Juliana walking in, her eyes bright, her cheek smudged with dust, was one of those things he planned to reminisce about.

“Mr. McBride,” she said. “May I speak to you?”

Mr. McBride. So formal. Elliot thought about the billiards table behind him, pictured seating Juliana on its edge, her skirts up around her thighs. She could call him Mr. McBride all she liked while she smiled at him with desire in her eyes.

McGregor chuckled. “I told you, I swear by the conservatory. Nooks and crannies and comfortable benches.”

Juliana sent him a surprised look. “The conservatory will not be ready for anyone for a time. I have sent away for many new hothouse plants. I assure you, it will be a fine place by the time of the midsummer fête.”

McGregor kept on grinning. “I love a practical woman.” He rolled the last balls onto the table and started out of the room. “You have your chat. Don’t tear the cloth on the billiards table. It’s the one thing I’ve kept intact.”

He went off and shut the door behind him, his chuckles following him.

Juliana’s rust and brown dress set off her red hair and blue eyes, even if the gown was buttoned to her chin.

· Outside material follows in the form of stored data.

(* Let $p\in(0,1]$, let $X\ne\{0\}$ be a finite-dimensional $p$-Banach space and let $Z\subset B_X$ be a symmetric set with $\mathrm{co}_p(Z)=B_X$. Let $\mathcal B$ be the set of all algebraic bases of $X$ consisting of points of $Z$. Then for every $x\in X$, \[\|x\|=\min\Big\{\Big(\sum_{b\in\mathfrak b}|a_b|^p\Big)^{1/p}:\mathfrak b\in\mathcal B,\ a\in\mathbb R^{\mathfrak b}\text{ with }x=\sum_{b\in\mathfrak b}a_bb\Big\}.\]
   Context: A $p$-Banach space is a complete vector space with a $p$-norm (norm axioms with $\|x+y\|^p\le\|x\|^p+\|y\|^p$ replacing the triangle inequality); $B_X$ is its closed unit ball. A set $A\subset X$ is $p$-convex if $\lambda x+\mu y\in A$ whenever $x,y\in A$ and $\lambda,\mu\ge0$ with $\lambda^p+\mu^p=1$; $\mathrm{co}_p(A)$ is the smallest $p$-convex set containing $A$. $Z$ symmetric means $Z=-Z$. *)

From HB Require Import structures.
From mathcomp Require Import all_boot all_order all_algebra.
From mathcomp Require Import all_classical all_reals all_analysis.
Set Implicit Arguments. Unset Strict Implicit. Unset Printing Implicit Defensive.
Import Order.TTheory GRing.Theory Num.Theory.
Local Open Scope ring_scope.
Local Open Scope classical_set_scope.

Section PBanach.
Variables (R : realType) (V : vectType R).

Definition is_pnorm (p : R) (nrm : V -> R) : Prop :=
  [/\ forall x, 0 <= nrm x,
      forall x, nrm x = 0 -> x = 0,
      forall (l : R) x, nrm (l *: x) = `|l| * nrm x &
      forall x y, nrm (x + y) `^ p <= nrm x `^ p + nrm y `^ p].

Definition pnorm_complete (nrm : V -> R) : Prop :=
  forall u : nat -> V,
    (forall e : R, 0 < e -> exists N : nat, forall m n : nat,
        (N <= m)%N -> (N <= n)%N -> nrm (u m - u n) < e) ->
    exists l : V, forall e : R, 0 < e -> exists N : nat, forall n : nat,
        (N <= n)%N -> nrm (u n - l) < e.

Definition unit_ball (nrm : V -> R) : set V := [set x | nrm x <= 1].

Definition p_convex (p : R) (A : set V) : Prop :=
  forall x y (l m : R), A x -> A y -> 0 <= l -> 0 <= m ->
    l `^ p + m `^ p = 1 -> A (l *: x + m *: y).

Definition co_p (p : R) (Z : set V) : set V :=
  [set x | forall A : set V, p_convex p A -> Z `<=` A -> A x].

Definition symmetric_set (Z : set V) : Prop := forall z, Z z <-> Z (- z).

Definition Zbasis (Z : set V) (b : seq V) : Prop :=
  basis_of fullv b /\ (forall v, v \in b -> Z v).

Definition pcoef_norm (p : R) (n : nat) (a : 'I_n -> R) : R :=
  (\sum_(i < n) `|a i| `^ p) `^ (p^-1).

End PBanach.

(* Combinations of points of Z whose coefficients have p-sum at most 1 form a
   p-convex set containing Z, hence containing B_X; so every x is a combination
   of points of Z whose coefficients have p-sum at most ||x||^p.  If these points
   are dependent, move the coefficients c along a linear relation d: writing
   c_i + t d_i = c_i (1 - t l_i), the tangent bound y^p <= 1 + p (y - 1) shows
   that, as long as no coefficient changes sign, the p-sum is at most
   sum_i |c_i|^p (1 - p t l_i), which is affine in t.  Moving t in the direction
   where this bound decreases, up to the first zero coefficient, removes a point
   without increasing the p-sum.  The independent points finally obtained,
   completed to a basis by further points of Z with zero coefficients, realise
   ||x||; no representation does better by the p-triangle inequality, since
   ||z|| <= 1 on Z. *)

From HB Require Import structures.
From mathcomp Require Import all_boot all_order all_algebra.
From mathcomp Require Import all_classical all_reals all_analysis.
From mathcomp Require Import ring lra.
Set Implicit Arguments. Unset Strict Implicit. Unset Printing Implicit Defensive.
Import Order.TTheory GRing.Theory Num.Theory.
Local Open Scope ring_scope.
Local Open Scope classical_set_scope.

Lemma powRK (R : realType) (a q : R) : 0 <= a -> q != 0 -> (a `^ q) `^ q^-1 = a.
Proof. by move=> a0 q0; rewrite -powRrM mulfV // powRr1. Qed.

Section TangentBound.
Variables (R : realType) (p : R).
Hypotheses (p_gt0 : 0 < p) (p_le1 : p <= 1).

(* Young's inequality with exponents 1/p and 1/(1-p), applied to x^p and 1. *)
Lemma powR_le_tangent (x : R) : 0 <= x -> x `^ p <= p * x + (1 - p).
Proof.
move=> x0; have [->|p_neq1] := eqVneq p 1.
  by rewrite powRr1 // mul1r subrr addr0.
have p_lt1 : p < 1 by rewrite lt_neqAle p_neq1.
have := @conjugate_powR R (x `^ p) 1 p^-1 (1 - p)^-1 (powR_ge0 _ _) ler01.
rewrite invr_gt0 p_gt0 invr_gt0 subr_gt0 p_lt1 !invrK subrKC powR1.
by rewrite mulr1 powRK ?gt_eqF // mul1r mulrC => /(_ isT isT erefl).
Qed.

Section AffineZero.
Variables (I : finType) (w : I -> R).
Hypothesis w_ge0 : forall i, 0 <= w i.

Lemma affine_zero_powR_le_pos (l : I -> R) :
  0 <= \sum_i w i * l i -> (exists i, 0 < l i) ->
  exists t j, t * l j = 1 /\
    \sum_i w i * `|1 - t * l i| `^ p <= \sum_i w i.
Proof.
move=> wl_ge0 [i0 li0].
have [j _ lj_max] := @arg_maxP _ _ I i0 xpredT l isT.
have lj_gt0 : 0 < l j by apply: lt_le_trans li0 (lj_max _ _).
exists (l j)^-1, j; split; first by rewrite mulVf ?gt_eqF.
have tangent i : `|1 - (l j)^-1 * l i| `^ p <= 1 - p * ((l j)^-1 * l i).
  have li_le : (l j)^-1 * l i <= 1.
    by rewrite mulrC ler_pdivrMr // mul1r; apply: lj_max.
  rewrite ger0_norm ?subr_ge0 //.
  by apply: le_trans (powR_le_tangent _) _; [rewrite subr_ge0 | lra].
apply: (@le_trans _ _ (\sum_i w i * (1 - p * ((l j)^-1 * l i)))).
  by apply: ler_sum => i _; apply: ler_wpM2l.
have -> : \sum_i w i * (1 - p * ((l j)^-1 * l i)) =
    \sum_i w i - p * (l j)^-1 * \sum_i w i * l i.
  by rewrite mulr_sumr -sumrB; apply: eq_bigr => i _; ring.
by rewrite gerBl mulr_ge0 // mulr_ge0 ?invr_ge0 ?ltW.
Qed.

Lemma affine_zero_powR_le (l : I -> R) : (exists i, l i != 0) ->
  exists t j, t * l j = 1 /\
    \sum_i w i * `|1 - t * l i| `^ p <= \sum_i w i.
Proof.
move=> [i0 li0].
have flip : (exists t j, t * - l j = 1 /\
    \sum_i w i * `|1 - t * - l i| `^ p <= \sum_i w i) ->
  exists t j, t * l j = 1 /\ \sum_i w i * `|1 - t * l i| `^ p <= \sum_i w i.
  case=> t [j [tj le]]; exists (- t), j; rewrite mulNr -mulrN; split => //.
  by under eq_bigr do rewrite mulNr -mulrN.
have [wl_ge0|wl_lt0] := leP 0 (\sum_i w i * l i).
  have [pos|nopos] := pselect (exists i, 0 < l i).
    exact: affine_zero_powR_le_pos.
  have l_le0 i : l i <= 0.
    by rewrite leNgt; apply/negP => li; apply: nopos; exists i.
  apply/flip/affine_zero_powR_le_pos; last first.
    by exists i0; rewrite oppr_gt0 lt_neqAle li0 l_le0.
  by apply: sumr_ge0 => i _; rewrite mulrN oppr_ge0 mulr_ge0_le0.
apply/flip/affine_zero_powR_le_pos.
  by under eq_bigr do rewrite mulrN; rewrite sumrN oppr_ge0 ltW.
apply/not_existsP => l_ge0; move: wl_lt0; rewrite ltNge sumr_ge0 // => i _.
by rewrite mulr_ge0 // leNgt -oppr_gt0; apply/negP/l_ge0.
Qed.
End AffineZero.

Lemma line_zero_powR_le (I : finType) (c d : I -> R) : (exists i, d i != 0) ->
  exists t j, c j + t * d j = 0 /\
    \sum_i `|c i + t * d i| `^ p <= \sum_i `|c i| `^ p.
Proof.
move=> [i0 di0].
have [[j cj0]|c_neq0] := pselect (exists j, c j = 0).
  by exists 0, j; rewrite mul0r addr0; under eq_bigr do rewrite mul0r addr0.
have {}c_neq0 i : c i != 0 by apply/eqP => ci; apply: c_neq0; exists i.
pose l i := - d i / c i.
have lineE t i : c i + t * d i = c i * (1 - t * l i) by rewrite /l; field.
have l_neq0 : exists i, l i != 0.
  by exists i0; rewrite /l mulf_neq0 ?oppr_eq0 ?invr_eq0.
have [t [j [tlj le]]] :=
  @affine_zero_powR_le _ (fun i => `|c i| `^ p) (fun i => powR_ge0 _ _) l l_neq0.
exists t, j; rewrite lineE tlj subrr mulr0; split => //.
by under eq_bigr do rewrite lineE normrM powRM //.
Qed.
End TangentBound.

Lemma not_free_relation (K : fieldType) (V : vectType K) (X : seq V) :
  ~~ free X -> exists k : 'I_(size X) -> K,
    \sum_i k i *: X`_i = 0 /\ exists i, k i != 0.
Proof.
move=> /negP nfX; apply/not_existsP => indep; apply: nfX.
apply/(@freeP _ _ _ (in_tuple X)) => k k0 i.
by apply: contra_notP (indep k) => /eqP ki; split => //; exists i.
Qed.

Juliana, who followed all the rules, would change into her evening dress for dinner, perhaps the off-the-shoulder shimmering blue one. Elliot could eat his dinner while imagining pouring another dollop of fine whiskey across her breasts.

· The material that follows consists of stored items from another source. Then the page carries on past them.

(* For every integer $d \geq 2$, $$\overline{\bigcup_{s\geq 1}\mathsf U_{d,s}}=\mathsf B_d,$$ where the closure is taken in $\mathbb R^{d\times d}$.
   Context: $\mathsf B_d$ denotes the set of $d\times d$ bistochastic matrices (real matrices with non-negative entries whose rows and columns each sum to $1$). For integers $d\ge 2$, $s\ge 1$, a matrix $U\in\mathcal U(ds)$ (the group of $ds\times ds$ complex unitary matrices) is viewed as a $d\times d$ block matrix with blocks $U_{ij}\in M_s(\mathbb C)$, $i,j\in\{1,\dots,d\}$. Define $\phi_{d,s}(U)=\big(\tfrac1s\|U_{ij}\|_F^2\big)_{i,j=1}^d$, where $\|X\|_F=\operatorname{Tr}(XX^* )^{1/2}$ is the Frobenius norm, and $\mathsf U_{d,s}:=\phi_{d,s}(\mathcal U(ds))$ (the generalized unistochastic matrices). *)

From HB Require Import structures.
From mathcomp Require Import all_boot all_order all_algebra.
From mathcomp Require Import all_classical all_reals all_analysis.
From mathcomp Require Import complex.

Set Implicit Arguments.
Unset Strict Implicit.
Unset Printing Implicit Defensive.

Import Order.TTheory GRing.Theory Num.Theory.
Import numFieldTopology.Exports.
Local Open Scope ring_scope.
Local Open Scope classical_set_scope.

Definition bistochastic (R : realType) (d : nat) : set 'M[R]_d :=
  [set B | (forall i j, 0 <= B i j)
         /\ (forall i, \sum_(j < d) B i j = 1)
         /\ (forall j, \sum_(i < d) B i j = 1)].

Definition adjmx (R : realType) m n (A : 'M[R[i]]_(m, n)) : 'M[R[i]]_(n, m) :=
  (map_mx (@conjc R) A)^T.

Definition unitary (R : realType) n (U : 'M[R[i]]_n) : Prop :=
  U *m adjmx U = 1%:M /\ adjmx U *m U = 1%:M.

Definition sqmod (R : realType) (z : R[i]) : R :=
  (complex.Re z) ^+ 2 + (complex.Im z) ^+ 2.

(** The (i,j) block of size s x s of a ds x ds matrix: rows/columns of block i
    are indexed by mxvec_index i a = i * s + a, a < s. *)
Definition blockmx (T : Type) (d s : nat) (U : 'M[T]_(d * s)) (i j : 'I_d)
  : 'M[T]_s :=
  \matrix_(a < s, b < s) U (mxvec_index i a) (mxvec_index j b).

Definition frob2 (R : realType) s (X : 'M[R[i]]_s) : R :=
  \sum_(a < s) \sum_(b < s) sqmod (X a b).

Definition phi (R : realType) (d s : nat) (U : 'M[R[i]]_(d * s)) : 'M[R]_d :=
  \matrix_(i < d, j < d) (s%:R^-1 * frob2 (blockmx U i j)).

Definition gen_unistochastic (R : realType) (d s : nat) : set 'M[R]_d :=
  [set B | exists U : 'M[R[i]]_(d * s), unitary U /\ @phi R d s U = B].

Definition gen_unistochastic_all (R : realType) (d : nat) : set 'M[R]_d :=
  \bigcup_(s in [set s : nat | (0 < s)%N]) @gen_unistochastic R d s.

(* The image of phi_{d,s} on unitaries lies in B_d, because the rows and
   columns of a unitary matrix are unit vectors, and B_d is closed.
   Conversely, if P is the permutation matrix of size ds of a permutation p,
   then the (i, j) block of P has squared Frobenius norm equal to the number
   of rows of block-row i that p sends into block-column j; a suitable p thus
   realises phi_{d,s}(P) = K / s for any nonnegative integer matrix K with all
   line sums equal to s.  These matrices are dense in B_d: pull B slightly
   towards the identity so that its corner entry is large, scale by s, round
   down the entries off the last row and column, and complete the last column
   and then the last row so that every line sums to s, at a cost of at most
   (d - 1)^2 / s per entry. *)

From HB Require Import structures.
From mathcomp Require Import all_boot all_order all_algebra all_fingroup.
From mathcomp Require Import all_classical all_reals all_analysis.
From mathcomp Require Import complex lra.
Import numFieldTopology.Exports.

Set Implicit Arguments.
Unset Strict Implicit.
Unset Printing Implicit Defensive.
Import Order.TTheory GRing.Theory Num.Theory.
Local Open Scope ring_scope.
Local Open Scope classical_set_scope.

Lemma sum_mxvec_index (V : nmodType) d s (F : 'I_(d * s) -> V) :
  \sum_(j < d) \sum_(b < s) F (mxvec_index j b) = \sum_k F k.
Proof.
have [g gK Kg] := curry_mxvec_bij d s.
rewrite (reindex (uncurry (@mxvec_index d s))) /=; last first.
  by exists g => k _; [apply: gK | apply: Kg].
by rewrite pair_big /=; apply: eq_bigr => -[].
Qed.

Lemma eq_fibres_perm m (T : eqType) (f g : 'I_m -> T) :
  (forall y, #|[pred x | f x == y]| = #|[pred x | g x == y]|) ->
  exists p : 'S_m, forall x, f x = g (p x).
Proof.
move=> fib.
have count_fibre (h : 'I_m -> T) y :
    count_mem y [tuple h x | x < m] = #|[pred x | h x == y]|.
  by rewrite /= count_map cardE size_filter enumT.
have /tuple_permP[p /val_inj fg] :
    perm_eq [tuple f x | x < m] [tuple g x | x < m].
  by apply/allP => y _ /=; rewrite !count_fibre fib.
by exists p => x; move/(congr1 (fun t => tnth t x)): fg; rewrite !tnth_mktuple.
Qed.

Definition mxvec_unindex {d s} (k : 'I_(d * s)) : 'I_d * 'I_s :=
  enum_val (cast_ord (esym (mxvec_cast d s)) k).

Lemma mxvec_indexK d s i a : mxvec_unindex (@mxvec_index d s i a) = (i, a).
Proof. by rewrite /mxvec_unindex /mxvec_index cast_ordK enum_rankK. Qed.

Lemma eq_mxvec_index d s i a j b :
  (@mxvec_index d s i a == mxvec_index j b) = ((i, a) == (j, b)).
Proof.
by apply/eqP/eqP => [/(congr1 mxvec_unindex)|[-> ->]]; rewrite ?mxvec_indexK.
Qed.

Lemma card_sum_mxvec_index d s (P : pred 'I_(d * s)) :
  #|P| = (\sum_(i < d) #|[pred a : 'I_s | P (mxvec_index i a)]|)%N.
Proof.
rewrite -sum1_card big_mkcond /= -(sum_mxvec_index (fun k => (P k : nat))).
apply: eq_bigr => i _; rewrite -sum1_card [RHS]big_mkcond /=.
by apply: eq_bigr => a _; rewrite inE; case: (P _).
Qed.

Lemma exists_block_perm d s (K : 'I_d -> 'I_d -> nat) :
  (forall i, \sum_j K i j = s)%N -> (forall j, \sum_i K i j = s)%N ->
  exists p : 'S_(d * s), forall i j,
    #|[pred a | (mxvec_unindex (p (mxvec_index i a))).1 == j]| = K i j.
Proof.
move=> Krow Kcol.
pose lab i := flatten [seq nseq (K i j) j | j <- enum 'I_d].
have count_lab i j : count_mem j (lab i) = K i j.
  rewrite count_flatten sumnE !big_map -enumT big_enum /= (bigD1 j) //=.
  rewrite count_nseq /= eqxx.
  by rewrite mul1n big1 ?addn0 // => k /negPf; rewrite count_nseq /= => ->.
have size_lab i : size (lab i) = s.
  rewrite -(Krow i) size_flatten sumnE !big_map -enumT big_enum /=.
  by apply: eq_bigr => j _; rewrite size_nseq.
have card_lab i j : #|[pred a : 'I_s | nth i (lab i) a == j]| = K i j.
  by rewrite -count_lab -sum1_card -sum1_count (big_nth i) size_lab big_mkord.
(* Row (i, a) is to be sent into block-column (lab i)_a. *)
pose f (k : 'I_(d * s)) := let: (i, a) := mxvec_unindex k in nth i (lab i) a.
pose block (k : 'I_(d * s)) := (mxvec_unindex k).1.
have [p fp] : exists p : 'S_(d * s), forall k, f k = block (p k).
  apply: eq_fibres_perm => j; rewrite !card_sum_mxvec_index.
  transitivity (\sum_i K i j)%N.
    apply: eq_bigr => i _; rewrite -card_lab; apply: eq_card => a.
    by rewrite !inE /f mxvec_indexK.
  rewrite Kcol (bigD1 j) //= big1 ?addn0 => [|i /negPf ij].
    rewrite -[LHS]card_ord; apply: eq_card => a.
    by rewrite !inE /block mxvec_indexK eqxx.
  by apply: eq_card0 => a; rewrite !inE /block mxvec_indexK ij.
exists p => i j; rewrite -card_lab; apply: eq_card => a.
by rewrite !inE -[(mxvec_unindex _).1]/(block _) -fp /f mxvec_indexK.
Qed.

Section PhiBistochastic.
Variable R : realType.

Lemma sqmod_ge0 (z : R[i]) : 0 <= sqmod z.
Proof. by rewrite /sqmod addr_ge0 // sqr_ge0. Qed.

Lemma Re_sum I (r : seq I) (P : pred I) (F : I -> R[i]) :
  complex.Re (\sum_(k <- r | P k) F k) = \sum_(k <- r | P k) complex.Re (F k).
Proof. by apply: (big_morph (@complex.Re R)) => // -[a b] [c d]. Qed.

Lemma Re_mulcJ (z : R[i]) : complex.Re (z * conjc z) = sqmod z.
Proof. by case: z => a b /=; rewrite /sqmod mulrN opprK !expr2. Qed.

Lemma Re_mulJc (z : R[i]) : complex.Re (conjc z * z) = sqmod z.
Proof. by case: z => a b /=; rewrite /sqmod mulNr opprK !expr2. Qed.

Lemma unitary_row_sqmod n (U : 'M[R[i]]_n) r :
  unitary U -> \sum_c sqmod (U r c) = 1.
Proof.
case=> /(congr1 (fun M : 'M[R[i]]_n => complex.Re (M r r))) + _.
rewrite !mxE eqxx Re_sum /= => <-.
by apply: eq_bigr => c _; rewrite /adjmx !mxE Re_mulcJ.
Qed.

Lemma unitary_col_sqmod n (U : 'M[R[i]]_n) c :
  unitary U -> \sum_r sqmod (U r c) = 1.
Proof.
case=> _ /(congr1 (fun M : 'M[R[i]]_n => complex.Re (M c c))).
rewrite !mxE eqxx Re_sum /= => <-.
by apply: eq_bigr => r _; rewrite /adjmx !mxE Re_mulJc.
Qed.

Lemma frob2_blockmx d s (U : 'M[R[i]]_(d * s)) i j :
  frob2 (blockmx U i j)
  = \sum_a \sum_b sqmod (U (mxvec_index i a) (mxvec_index j b)).
Proof. by apply: eq_bigr => a _; apply: eq_bigr => b _; rewrite mxE. Qed.

Lemma phi_bistochastic d s (U : 'M[R[i]]_(d * s)) :
  (0 < s)%N -> unitary U -> bistochastic (phi U).
Proof.
move=> s_gt0 hU; have s_neq0 : s%:R != 0 :> R by rewrite pnatr_eq0 -lt0n.
have line_sum (f : 'I_d -> 'I_s -> 'I_(d * s) -> R) :
    (forall a, \sum_j \sum_b f j a (mxvec_index j b) = 1) ->
    \sum_j s%:R^-1 * \sum_a \sum_b f j a (mxvec_index j b) = 1.
  move=> f1; rewrite -mulr_sumr exchange_big /=.
  by under eq_bigr do rewrite f1; rewrite sumr_const card_ord mulVf.
split; [|split].
- move=> i j; rewrite mxE mulr_ge0 ?invr_ge0 ?ler0n //.
  by apply: sumr_ge0 => a _; apply: sumr_ge0 => b _; apply: sqmod_ge0.
- move=> i; under eq_bigr do rewrite mxE frob2_blockmx.
  apply: (line_sum (fun j a k => sqmod (U (mxvec_index i a) k))) => a.
  by rewrite (sum_mxvec_index (fun k => sqmod (U _ k))) unitary_row_sqmod.
- move=> j; under eq_bigr do rewrite mxE frob2_blockmx exchange_big /=.
  apply: (line_sum (fun i b k => sqmod (U k (mxvec_index j b)))) => b.
  by rewrite (sum_mxvec_index (fun k => sqmod (U k _))) unitary_col_sqmod.
Qed.

Lemma continuous_sum (T : topologicalType) (V : normedModType R) I (r : seq I)
    (F : I -> T -> V) :
  (forall k, continuous (F k)) -> continuous (fun x => \sum_(k <- r) F k x).
Proof.
move=> Fc; elim: r => [|k r IHr].
  by under eq_fun do rewrite big_nil; exact: cst_continuous.
under eq_fun do rewrite big_cons.
by move=> x; apply: cvgD; [exact: Fc | exact: IHr].
Qed.

Lemma closed_bistochastic d : closed (@bistochastic R d).
Proof.
have closed_forall I (A : I -> set 'M[R]_d) :
    (forall k, closed (A k)) -> closed [set B | forall k, A k B].
  move=> Acl; have := closed_bigI (D := setT) (fun k _ => Acl k).
  by congr closed; apply/seteqP; split=> B AB k //; apply: AB.
have closed_sum_eq1 (F : 'M[R]_d -> 'I_d -> R) :
    (forall k, continuous (F^~ k)) -> closed [set B | \sum_k F B k = 1].
  move=> Fc; apply: (continuous_closedP _).1 (@closed_eq _ 1).
  exact: continuous_sum.
apply: closedI; [|apply: closedI]; apply: (closed_forall) => i.
- apply: (closed_forall) => j.
  apply: (continuous_closedP _).1 (@closed_ge R 0).
  exact: (@coord_continuous _ d d i j).
- apply: (closed_sum_eq1 (fun B j => B i j)) => j.
  exact: (@coord_continuous _ d d i j).
- apply: (closed_sum_eq1 (fun B j => B j i)) => j.
  exact: (@coord_continuous _ d d j i).
Qed.

Lemma gen_unistochastic_all_sub d :
  @gen_unistochastic_all R d `<=` @bistochastic R d.
Proof. by move=> _ [s s_gt0 [U [hU <-]]]; exact: phi_bistochastic. Qed.

End PhiBistochastic.

Section PermutationMatrices.
Variable R : realType.

Lemma sqmod_bool (b : bool) : sqmod (b%:R : R[i]) = b%:R.
Proof. by case: b; rewrite /sqmod /= ?expr0n /= ?expr1n ?addr0. Qed.

Lemma unitary_perm_mx n (p : 'S_n) : unitary (perm_mx p : 'M[R[i]]_n).
Proof.
have adj_p : adjmx (perm_mx p : 'M[R[i]]_n) = perm_mx p^-1.
  by rewrite /adjmx map_perm_mx tr_perm_mx.
by rewrite /unitary adj_p -!perm_mxM mulgV mulVg perm_mx1.
Qed.

Lemma phi_perm_mx d s (p : 'S_(d * s)) i j :
  phi (perm_mx p : 'M[R[i]]_(d * s)) i j
  = s%:R^-1 * #|[pred a | (mxvec_unindex (p (mxvec_index i a))).1 == j]|%:R.
Proof.
rewrite mxE frob2_blockmx -sum1_card natr_sum [in RHS]big_mkcond /=.
congr (_ * _); apply: eq_bigr => a _; rewrite inE.
under eq_bigr do rewrite !mxE sqmod_bool.
case/mxvec_indexP: (p _) => j' b'; rewrite mxvec_indexK /=.
under eq_bigr do rewrite eq_mxvec_index xpair_eqE.
case: (eqVneq j' j) => _; last by rewrite big1.
by rewrite (bigD1 b') //= eqxx big1 ?addr0 // => b /negPf nb; rewrite eq_sym nb.
Qed.

Lemma gen_unistochastic_nat_mx d s (K : 'I_d -> 'I_d -> nat) :
  (forall i, \sum_j K i j = s)%N -> (forall j, \sum_i K i j = s)%N ->
  gen_unistochastic s (\matrix_(i, j) (s%:R^-1 * (K i j)%:R) : 'M[R]_d).
Proof.
move=> Krow Kcol; have [p Kp] := exists_block_perm Krow Kcol.
exists (perm_mx p); split; first exact: unitary_perm_mx.
by apply/matrixP => i j; rewrite phi_perm_mx Kp mxE.
Qed.

End PermutationMatrices.

Section Rounding.
Variables (R : realType) (n s : nat).
Local Notation widen := (widen_ord (leqnSn n)).

Definition frac (x : R) := x - (Num.truncn x)%:R.

Lemma frac_ge0 x : 0 <= x -> 0 <= frac x.
Proof. by move=> /truncn_itv /andP[trunc_le _]; rewrite subr_ge0. Qed.

Lemma frac_lt1 x : 0 <= x -> frac x < 1.
Proof. by move=> /truncn_itv /andP[_]; rewrite -natr1 /frac; lra. Qed.

Lemma sum_frac_itv (x : 'I_n -> R) : (forall k, 0 <= x k) ->
  0 <= \sum_k frac (x k) <= n%:R.
Proof.
move=> x_ge0; rewrite sumr_ge0 => [|k _]; last exact: frac_ge0.
rewrite -[n in n%:R]card_ord -sumr_const ler_sum // => k _.
exact/ltW/frac_lt1.
Qed.

Definition complete_last (f : 'I_n.+1 -> nat) (j : 'I_n.+1) : nat :=
  if j == ord_max then (s - \sum_(k < n) f (widen k))%N else f j.

Lemma widen_neq_max (k : 'I_n) : (widen k == ord_max) = false.
Proof. by apply/negbTE; rewrite -val_eqE /= neq_ltn ltn_ord. Qed.

Lemma lift_max_widen (k : 'I_n) : lift ord_max k = widen k.
Proof. exact/val_inj/lift_max. Qed.

Lemma complete_last_widen f k : complete_last f (widen k) = f (widen k).
Proof. by rewrite /complete_last widen_neq_max. Qed.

Elliot couldn’t stop himself going to her, meeting her halfway into the room, couldn’t help brushing back a tendril of hair that had come loose. The kiss he’d claimed in the passage had fired his blood, and he’d not yet cooled.

“Elliot, did you hear me?”

“No. What did you say, love?”

“I said that Hamish has told me an extraordinary thing. He says you had him take a platter of ham out to the woods and leave it there. Along with some naan.”

“Aye.” Elliot nodded as he brushed back another tendril of her hair. “Good. I’m glad he remembered.”

“But whatever for? Do not tell me you’ve put it by in case you grow hungry during your next tramp through the woods.”

She looked so indignant that Elliot had to smile. “It’s not for me.”

“Who then? And anyway, animals will get it if you had Hamish leave it beside the path.”

“He bagged it and strung it up in a tree. That is, that’s what I told him to do.”

Juliana’s stare tried to penetrate his fog, to find its way to the real Elliot. He knew she wanted that, but the real Elliot had been lost a long time ago.

“Please tell me what for. A tramp?”

“For Archibald Stacy,” Elliot said. No use in lying or telling Juliana pretty stories. “He’s come for me.”

Chapter 16

Juliana stared at him, worry in her pretty eyes. She was trying to decide whether to believe him. Didn’t matter—Stacy was there, whether Juliana believed Elliot or not.